▶ _Material shown_:
(* Let $d\ge2$, $F\in(0,1)$ with $F\ne\frac12$, and let $\rho_0=F|\mathrm{GHZ}_d\rangle\langle\mathrm{GHZ}_d|+(1-F)Z_1|\mathrm{GHZ}_d\rangle\langle\mathrm{GHZ}_d|Z_1$, where $|\mathrm{GHZ}_d\rangle=(|0\cdots0\rangle+|1\cdots1\rangle)/\sqrt2$ and $Z_1$ is $\sigma_z$ on the first qubit. Let $\rho_x=U(x)\rho_0U(x)^\dagger$ with $U(x)=\exp[-\frac i2\sum_{i=1}^d x_i\sigma_z^{(i)}]$, and for $\alpha\in\mathbb{R}$ let $M(\alpha)=O(\alpha)^{\otimes d}$, $O(\alpha)=e^{i\alpha}|1\rangle\langle0|+e^{-i\alpha}|0\rangle\langle1|$. For $\alpha$ with $\sin(d\alpha)\neq0$ the error-propagation variance at $x=0$, $$V(\alpha)=\frac{\langle M(\alpha)^2\rangle-\langle M(\alpha)\rangle^2}{\big|v_1\cdot\nabla_x\langle M(\alpha)\rangle\big|^2}\Bigg|_{x=0},\quad \langle A\rangle=\mathrm{Tr}(\rho_xA),\ v_1=\tfrac{1}{\sqrt d}(1,\dots,1)^T,$$ equals $\frac{1-(2F-1)^2\cos^2(d\alpha)}{d(2F-1)^2\sin^2(d\alpha)}$; it is minimized exactly at $\alpha=\frac{(2l+1)\pi}{2d}$, $l\in\mathbb{Z}$, and the minimum value is $\frac{1}{d(2F-1)^2}$, which equals $1/\big(d(1-C)\big)$ with $C=4F(1-F)$, the inverse of the quantum Fisher information $d(1-C)$ for $\theta_1=v_1^Tx$ of this state.
   Context: For a GHZ-diagonal $d$-qubit state with eigenvalues $\lambda^\pm_s$ on $|G^\pm_s\rangle=(|s\rangle\pm|\bar s\rangle)/\sqrt2$ (one representative $s$ per complementary pair of bit strings), $C=\sum_s\frac{4\lambda^+_s\lambda^-_s}{\lambda^+_s+\lambda^-_s}$ with terms having $\lambda^+_s+\lambda^-_s=0$ set to $0$; for the state $\rho_0$ above this gives $C=4F(1-F)$. The quantum Fisher information for $\theta_1$ under the encoding $U(x)$ is $d(1-C)$, so the claim says this measurement saturates the quantum Cramér–Rao bound. *)

From HB Require Import structures.
From mathcomp Require Import all_boot all_order all_algebra.
From mathcomp Require Import all_classical all_reals all_analysis.
From mathcomp Require Import complex.
Set Implicit Arguments.
Unset Strict Implicit.
Unset Printing Implicit Defensive.
Import Order.TTheory GRing.Theory Num.Theory.
Local Open Scope ring_scope.

Section GHZ.
Variables (R : realType) (d : nat).
Local Notation C := (R[i]).

(* computational basis of d qubits: bit strings s = (s_1,...,s_d),
   qubit i (0-based index) is [tnth s i] *)
Definition basis := (d.-tuple bool).

(* operators on (C^2)^{\otimes d}, given by their matrix entries <s|A|t> *)
Definition op := basis -> basis -> C.

Definition op_mul (A B : op) : op := fun s t => \sum_(k : basis) A s k * B k t.
Definition op_adj (A : op) : op := fun s t => conjc (A t s).
Definition op_add (A B : op) : op := fun s t => A s t + B s t.
Definition op_scale (c : C) (A : op) : op := fun s t => c * A s t.
Definition op_trace (A : op) : C := \sum_(s : basis) A s s.
Definition diag_op (f : basis -> C) : op := fun s t => if s == t then f s else 0.

Definition rC (r : R) : C := Complex r 0.
Definition expi (th : R) : C := Complex (cos th) (sin th).

Definition zeros : basis := [tuple of nseq d false].
Definition ones : basis := [tuple of nseq d true].

Definition ghz (s : basis) : C :=
  if (s == zeros) || (s == ones) then rC (Num.sqrt 2)^-1 else 0.

Definition proj (psi : basis -> C) : op := fun s t => psi s * conjc (psi t).

(* eigenvalue of sigma_z on qubit i in basis state s: +1 for |0>, -1 for |1> *)
Definition zval (i : 'I_d) (s : basis) : R := if tnth s i then -1 else 1.

Definition Z1 : op := diag_op (fun s => if nth false s 0 then -1 else 1).

Definition rho0 (F : R) : op :=
  op_add (op_scale (rC F) (proj ghz))
         (op_scale (rC (1 - F)) (op_mul Z1 (op_mul (proj ghz) Z1))).

(* U(x) = exp[-(i/2) sum_i x_i sigma_z^(i)]; this operator is diagonal in the
   computational basis, with entry exp[-(i/2) sum_i x_i z_i(s)] *)
Definition Uenc (x : 'I_d -> R) : op :=
  diag_op (fun s => expi (- (\sum_(i < d) x i * zval i s) / 2)).

Definition rho_x (F : R) (x : 'I_d -> R) : op :=
  op_mul (Uenc x) (op_mul (rho0 F) (op_adj (Uenc x))).

Definition Oa (a : R) (b c : bool) : C :=
  match b, c with
  | true, false => expi a
  | false, true => expi (- a)
  | _, _ => 0
  end.

Definition Mop (a : R) : op := fun s t => \prod_(i < d) Oa a (tnth s i) (tnth t i).

(* <A> = Tr(rho_x A) (real part; it is real for Hermitian A) *)
Definition expval (F : R) (A : op) (x : 'I_d -> R) : R :=
  complex.Re (op_trace (op_mul (rho_x F x) A)).

Definition partial (f : ('I_d -> R) -> R) (i : 'I_d) (x : 'I_d -> R) : R :=
  derive1 (fun t : R => f (fun j => x j + (if j == i then t else 0))) 0.

Definition v1 (i : 'I_d) : R := (Num.sqrt d%:R)^-1.

Definition v1_grad (f : ('I_d -> R) -> R) (x : 'I_d -> R) : R :=
  \sum_(i < d) v1 i * partial f i x.

Definition x0 : 'I_d -> R := fun _ => 0.

Definition Verr (F a : R) : R :=
  (expval F (op_mul (Mop a) (Mop a)) x0 - (expval F (Mop a) x0) ^+ 2)
  / (`| v1_grad (expval F (Mop a)) x0 |) ^+ 2.

Definition compl (s : basis) : basis := [tuple of map negb s].
Definition ghz_pm (sg : bool) (s : basis) : basis -> C := fun t =>
  rC (Num.sqrt 2)^-1 *
  ((if t == s then 1 else 0) + (if sg then 1 else -1) * (if t == compl s then 1 else 0)).

Definition op_exp (A : op) (psi : basis -> C) : C :=
  \sum_(s : basis) \sum_(t : basis) conjc (psi s) * A s t * psi t.

(* C = sum_s 4 l+_s l-_s/(l+_s + l-_s), one representative s per complementary
   pair (the one with first bit 0), terms with l+ + l- = 0 set to 0;
   l^pm_s = <G^pm_s|rho|G^pm_s> are the eigenvalues of a GHZ-diagonal rho. *)
Definition ghzC (rho : op) : R :=
  \sum_(s : basis | ~~ nth false s 0)
    (let lp := complex.Re (op_exp rho (ghz_pm true s)) in
     let lm := complex.Re (op_exp rho (ghz_pm false s)) in
     if lp + lm == 0 then 0 else 4 * lp * lm / (lp + lm)).

Definition qfi (rho : op) : R := d%:R * (1 - ghzC rho).

End GHZ.

(* Both rho_x and M(alpha) live on span{|0...0>, |1...1>}.  There rho_x has
   diagonal entries 1/2 and coherences (2F-1)/2 e^(-+ i sum_i x_i), M(alpha)
   exchanges the two strings with phases e^(-+ i d alpha), and M(alpha)^2 is the
   identity.  Hence <M> = (2F-1) cos(d alpha - sum_i x_i) and <M^2> = 1, which gives
   the closed form of V.  With k = (2F-1)^2 and cos^2 + sin^2 = 1 it can be rewritten
   V = 1/(dk) + (1-k) cos^2(d alpha) / (dk sin^2(d alpha)), so the minimum 1/(dk) is
   attained exactly where cos(d alpha) = 0.  Only the GHZ pair {0...0, 1...1}
   carries weight in rho_0, with eigenvalues F and 1-F, so C = 4F(1-F) and
   d(1-C) = dk. *)

From Pilot Require Import Defs.
From HB Require Import structures.
From mathcomp Require Import all_boot all_order all_algebra.
From mathcomp Require Import all_classical all_reals all_analysis.
From mathcomp Require Import complex.
From mathcomp Require Import ring lra.
Set Implicit Arguments.
Unset Strict Implicit.
Unset Printing Implicit Defensive.
Import Order.TTheory GRing.Theory Num.Theory.
Local Open Scope ring_scope.

Section Trigonometry.
Variable R : realType.

Lemma sin_natpi (n : nat) : sin (n%:R * pi) = 0 :> R.
Proof.
elim: n => [|n IHn]; first by rewrite mul0r sin0.
by rewrite -natr1 mulrDl mul1r sinDpi IHn oppr0.
Qed.

Lemma sin_intpi (l : int) : sin (l%:~R * pi) = 0 :> R.
Proof.
case: l => n; first exact: sin_natpi.
by rewrite NegzE mulrNz mulNr sinN sin_natpi oppr0.
Qed.

Lemma sin_eq0P (r : R) : sin r = 0 <-> exists l : int, r = l%:~R * pi.
Proof.
split=> [sr0|[l ->]]; last exact: sin_intpi.
have pi_gt0 := pi_gt0 R.
set l := Num.floor (r / pi); exists l.
have /andP[lr rl] := floor_itv (r / pi).
rewrite -/l ler_pdivlMr // intrD ltr_pdivrMr // mulrDl mul1r in lr rl.
set u := r - l%:~R * pi.
have u_ge0 : 0 <= u by rewrite subr_ge0.
have u_ltpi : u < pi by rewrite ltrBlDl.
have su0 : sin u = 0 by rewrite sinB sr0 sin_intpi mul0r mulr0 subrr.
apply/eqP; rewrite -subr_eq0; apply/negPn/negP => u_neq0.
have : 0 < sin u by apply: sin_gt0_pi; rewrite u_ltpi lt0r u_neq0 u_ge0.
by rewrite su0 ltxx.
Qed.

Lemma cos_mul_eq0P (n a : R) : n != 0 ->
  cos (n * a) = 0 <-> exists l : int, a = (2 * l%:~R + 1) * pi / (2 * n).
Proof.
move=> n_neq0.
have -> : (cos (n * a) = 0) = (sin (n * a - pi / 2) = 0).
  rewrite sinBpihalf; apply/propext.
  by split=> [->|/eqP]; rewrite ?oppr0 // oppr_eq0 => /eqP.
rewrite sin_eq0P; split=> -[l la]; exists l.
  by rewrite -[a](mulKf n_neq0) -[n * a](subrK (pi / 2)) la; field.
by rewrite la; field.
Qed.

Lemma derive1_cos_shift (k c : R) :
  derive1 (fun t : R => k * cos (c - t)) 0 = k * sin c.
Proof.
have -> : (fun t : R => k * cos (c - t)) = k \*: (cos c \*: cos + sin c \*: sin).
  by apply/funext => t; rewrite cosB.
rewrite derive1E derive_val.
by rewrite sin0 cos0 oppr0 scaler0 add0r /GRing.scale /= mulr1.
Qed.

End Trigonometry.

Lemma variance_leif (R : realFieldType) (n k c s : R) :
  0 < n -> 0 < k < 1 -> s != 0 -> c ^+ 2 + s ^+ 2 = 1 ->
  (n * k)^-1 <= (1 - k * c ^+ 2) / (n * k * s ^+ 2) ?= iff (c == 0).
Proof.
move=> n_gt0 /andP[k_gt0 k_lt1] s_neq0 cs1.
have nks_gt0 : 0 < n * k * s ^+ 2.
  by apply: mulr_gt0; [exact: mulr_gt0 | rewrite exprn_even_gt0 //= s_neq0].
have -> : (1 - k * c ^+ 2) / (n * k * s ^+ 2)
          = (n * k)^-1 + (1 - k) * c ^+ 2 / (n * k * s ^+ 2).
  by rewrite -{1}cs1; field; rewrite s_neq0 !lt0r_neq0.
split.
  rewrite lerDl divr_ge0 ?(ltW nks_gt0) // mulr_ge0 ?sqr_ge0 //.
  by rewrite subr_ge0 ltW.
rewrite -{1}[(n * k)^-1]addr0 (inj_eq (addrI _)) eq_sym.
rewrite mulf_eq0 invr_eq0 (gt_eqF nks_gt0) orbF.
by rewrite mulf_eq0 subr_eq0 (gt_eqF k_lt1) sqrf_eq0.
Qed.

Section Phases.
Variable R : realType.

Lemma expiD (a b : R) : expi a * expi b = expi (a + b).
Proof. by rewrite /expi cosD sinD; simpc; congr Complex; ring. Qed.

Lemma expi0 : expi (0 : R) = 1.
Proof. by rewrite /expi cos0 sin0. Qed.

Lemma conjc_expi (a : R) : conjc (expi a) = expi (- a).
Proof. by rewrite /expi cosN sinN. Qed.

Lemma expiMn (a : R) (n : nat) : expi a ^+ n = expi (n%:R * a).
Proof.
elim: n => [|n IHn]; first by rewrite expr0 mul0r expi0.
by rewrite exprS IHn expiD -natr1 mulrDl mul1r addrC.
Qed.

Lemma ReD (x y : R[i]) : complex.Re (x + y) = complex.Re x + complex.Re y.
Proof. by case: x; case: y. Qed.

Lemma Re_rC_expi (c e : R) : complex.Re (rC c * expi e) = c * cos e.
Proof. by rewrite /rC /expi; simpc. Qed.

Lemma conjc_rC (c : R) : conjc (rC c) = rC c.
Proof. by rewrite /rC /= oppr0. Qed.

Lemma rCD (a b : R) : rC a + rC b = rC (a + b).
Proof. by rewrite /rC; simpc. Qed.

Lemma rCM (a b : R) : rC a * rC b = rC (a * b).
Proof. by rewrite /rC; simpc. Qed.

End Phases.

Section GHZBlock.
Variables (R : realType) (d : nat).
Local Notation basis := (Defs.basis d).
Local Notation op := (Defs.op R d).
Local Notation z := (zeros d).
Local Notation o := (ones d).

Lemma tnth_zeros i : tnth z i = false. Proof. exact: tnth_nseq. Qed.

Lemma tnth_ones i : tnth o i = true. Proof. exact: tnth_nseq. Qed.

Lemma nth_zeros0 : nth false z 0 = false.
Proof. by rewrite /= nth_nseq if_same. Qed.

Lemma compl_zeros : compl z = o.
Proof. by apply: eq_from_tnth => i; rewrite tnth_map tnth_zeros tnth_ones. Qed.

Lemma compl_ones : compl o = z.
Proof. by apply: eq_from_tnth => i; rewrite tnth_map tnth_zeros tnth_ones. Qed.

Lemma complK : involutive (@compl d).
Proof. by move=> s; apply: eq_from_tnth => i; rewrite !tnth_map negbK. Qed.

Lemma mul_diag_op_l (f : basis -> R[i]) (A : op) s t :
  op_mul (diag_op f) A s t = f s * A s t.
Proof.
rewrite /op_mul (bigD1 s) //= /diag_op eqxx big1 ?addr0 // => k.
by rewrite eq_sym => /negbTE ->; rewrite mul0r.
Qed.

Lemma mul_diag_op_r (f : basis -> R[i]) (A : op) s t :
  op_mul A (diag_op f) s t = A s t * f t.
Proof.
rewrite /op_mul (bigD1 t) //= /diag_op eqxx big1 ?addr0 // => k.
by move=> /negbTE ->; rewrite mulr0.
Qed.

▶ _Prompt_: Copy out the lines above exactly, beginning at the one that contains "Definition op_trace (A" and ending at the one that contains "computational basis, with".

▶ _Finished exercise_:
Definition op_trace (A : op) : C := \sum_(s : basis) A s s.
Definition diag_op (f : basis -> C) : op := fun s t => if s == t then f s else 0.

Definition rC (r : R) : C := Complex r 0.
Definition expi (th : R) : C := Complex (cos th) (sin th).

Definition zeros : basis := [tuple of nseq d false].
Definition ones : basis := [tuple of nseq d true].

Definition ghz (s : basis) : C :=
  if (s == zeros) || (s == ones) then rC (Num.sqrt 2)^-1 else 0.

Definition proj (psi : basis -> C) : op := fun s t => psi s * conjc (psi t).

(* eigenvalue of sigma_z on qubit i in basis state s: +1 for |0>, -1 for |1> *)
Definition zval (i : 'I_d) (s : basis) : R := if tnth s i then -1 else 1.

Definition Z1 : op := diag_op (fun s => if nth false s 0 then -1 else 1).

Definition rho0 (F : R) : op :=
  op_add (op_scale (rC F) (proj ghz))
         (op_scale (rC (1 - F)) (op_mul Z1 (op_mul (proj ghz) Z1))).

(* U(x) = exp[-(i/2) sum_i x_i sigma_z^(i)]; this operator is diagonal in the
   computational basis, with entry exp[-(i/2) sum_i x_i z_i(s)] *)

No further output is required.